Collected data:
=== Begin Enclosure ===

Lemma cutoff_C1_bound : exists C1 : R, 0 < C1 /\
  forall x : V, enorm (grad cutoff x) + frobnorm (hess cutoff x)
                <= C1 * ((enorm x <= 2 :> R) : bool)%:R.
Proof.
have [M [M0 hM]] := enorm_grad_cutoff_le.
have [H [H0 hH]] := frobnorm_hess_cutoff_le.
exists (M + H + 1); split=> [|x]; first lra.
have [x2|/grad_hess_cutoff_eq0[-> ->]] := leP (enorm x) 2; last by rewrite mulr0n mulr0 addr0.
rewrite mulr1n mulr1; have := hM x; have := hH x; have := enorm_ge0 x.
by rewrite minEle; case: (leP (enorm x) 1); nra.
Qed.

Lemma cutoff_estimates (C2 : R) : 0 < C2 ->
  exists C3 : R, 0 < C3 /\
    forall (delta r : R) (x y : V),
      0 < delta -> 0 <= r -> r <= 1 ->
      enorm y <= C2 * Num.min (enorm x + delta) 1 ->
      enorm y * enorm (grad cutoff (x + r *: y)) <= C3 * (cutoff x + delta) /\
      enorm y ^+ 2 * frobnorm (hess cutoff (x + r *: y)) <= C3 * (cutoff x + delta ^+ 2).
Proof.
move=> C20; have [M [M0 hM]] := enorm_grad_cutoff_le.
have [H [H0 hH]] := frobnorm_hess_cutoff_le.
have K0 : 0 <= M * C2 * (1 + C2) by rewrite !mulr_ge0 ?addr_ge0 // ltW.
have L0 : 0 <= C2 ^+ 2 * H by rewrite mulr_ge0 ?sqr_ge0.
exists (4 * (M * C2 * (1 + C2)) + 2 * (C2 ^+ 2 * H) + 1); split=> [|delta r x y d0 r0 r1 hy].
  lra.
have [m1 m2] := min1_sqr_le (enorm_ge0 x) d0 (@cutoff_eq_sqr x) (@cutoff_ge1 x).
have hz := min1_perturb_le (enorm_ge0 x) d0 (ltW C20) (enorm_addZ_le x y r0 r1) hy.
set m := Num.min (enorm x + delta) 1 in hy m1 m2 hz.
have hG := le_trans (hM (x + r *: y)) (ler_wpM2l M0 hz).
have m0 : 0 <= m by rewrite le_min ler01 addr_ge0 ?enorm_ge0 ?ltW.
have F0 := cutoff_ge0 x; have y0 := enorm_ge0 y.
split.
  apply: le_trans (ler_pM y0 (enorm_ge0 _) hy hG) _.
  rewrite (_ : C2 * m * _ = 2 * (M * C2 * (1 + C2)) * m ^+ 2); last by ring.
  apply: le_trans (ler_wpM2l _ m1) _; first by rewrite mulr_ge0.
  have Fd : 0 < cutoff x + delta by lra.
  nra.
have y2 : enorm y ^+ 2 <= (C2 * m) ^+ 2 by rewrite ler_sqr ?nnegrE ?mulr_ge0 // ltW.
apply: le_trans (ler_pM (sqr_ge0 _) (frobnorm_ge0 _) y2 (hH _)) _.
rewrite (_ : (C2 * m) ^+ 2 * H = C2 ^+ 2 * H * m ^+ 2); last by ring.
apply: le_trans (ler_wpM2l L0 m2) _.
have Fd : 0 < cutoff x + delta ^+ 2 by have := exprn_gt0 2 d0; lra.
nra.
Qed.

=== End Enclosure ===

TASK DETAILS »
The records above should be repeated exactly. Print them all.

SOLUTION BELOW »
Lemma cutoff_C1_bound : exists C1 : R, 0 < C1 /\
  forall x : V, enorm (grad cutoff x) + frobnorm (hess cutoff x)
                <= C1 * ((enorm x <= 2 :> R) : bool)%:R.
Proof.
have [M [M0 hM]] := enorm_grad_cutoff_le.
have [H [H0 hH]] := frobnorm_hess_cutoff_le.
exists (M + H + 1); split=> [|x]; first lra.
have [x2|/grad_hess_cutoff_eq0[-> ->]] := leP (enorm x) 2; last by rewrite mulr0n mulr0 addr0.
rewrite mulr1n mulr1; have := hM x; have := hH x; have := enorm_ge0 x.
by rewrite minEle; case: (leP (enorm x) 1); nra.
Qed.

Lemma cutoff_estimates (C2 : R) : 0 < C2 ->
  exists C3 : R, 0 < C3 /\
    forall (delta r : R) (x y : V),
      0 < delta -> 0 <= r -> r <= 1 ->
      enorm y <= C2 * Num.min (enorm x + delta) 1 ->
      enorm y * enorm (grad cutoff (x + r *: y)) <= C3 * (cutoff x + delta) /\
      enorm y ^+ 2 * frobnorm (hess cutoff (x + r *: y)) <= C3 * (cutoff x + delta ^+ 2).
Proof.
move=> C20; have [M [M0 hM]] := enorm_grad_cutoff_le.
have [H [H0 hH]] := frobnorm_hess_cutoff_le.
have K0 : 0 <= M * C2 * (1 + C2) by rewrite !mulr_ge0 ?addr_ge0 // ltW.
have L0 : 0 <= C2 ^+ 2 * H by rewrite mulr_ge0 ?sqr_ge0.
exists (4 * (M * C2 * (1 + C2)) + 2 * (C2 ^+ 2 * H) + 1); split=> [|delta r x y d0 r0 r1 hy].
  lra.
have [m1 m2] := min1_sqr_le (enorm_ge0 x) d0 (@cutoff_eq_sqr x) (@cutoff_ge1 x).
have hz := min1_perturb_le (enorm_ge0 x) d0 (ltW C20) (enorm_addZ_le x y r0 r1) hy.
set m := Num.min (enorm x + delta) 1 in hy m1 m2 hz.
have hG := le_trans (hM (x + r *: y)) (ler_wpM2l M0 hz).
have m0 : 0 <= m by rewrite le_min ler01 addr_ge0 ?enorm_ge0 ?ltW.
have F0 := cutoff_ge0 x; have y0 := enorm_ge0 y.
split.
  apply: le_trans (ler_pM y0 (enorm_ge0 _) hy hG) _.
  rewrite (_ : C2 * m * _ = 2 * (M * C2 * (1 + C2)) * m ^+ 2); last by ring.
  apply: le_trans (ler_wpM2l _ m1) _; first by rewrite mulr_ge0.
  have Fd : 0 < cutoff x + delta by lra.
  nra.
have y2 : enorm y ^+ 2 <= (C2 * m) ^+ 2 by rewrite ler_sqr ?nnegrE ?mulr_ge0 // ltW.
apply: le_trans (ler_pM (sqr_ge0 _) (frobnorm_ge0 _) y2 (hH _)) _.
rewrite (_ : (C2 * m) ^+ 2 * H = C2 ^+ 2 * H * m ^+ 2); last by ring.
apply: le_trans (ler_wpM2l L0 m2) _.
have Fd : 0 < cutoff x + delta ^+ 2 by have := exprn_gt0 2 d0; lra.
nra.
Qed.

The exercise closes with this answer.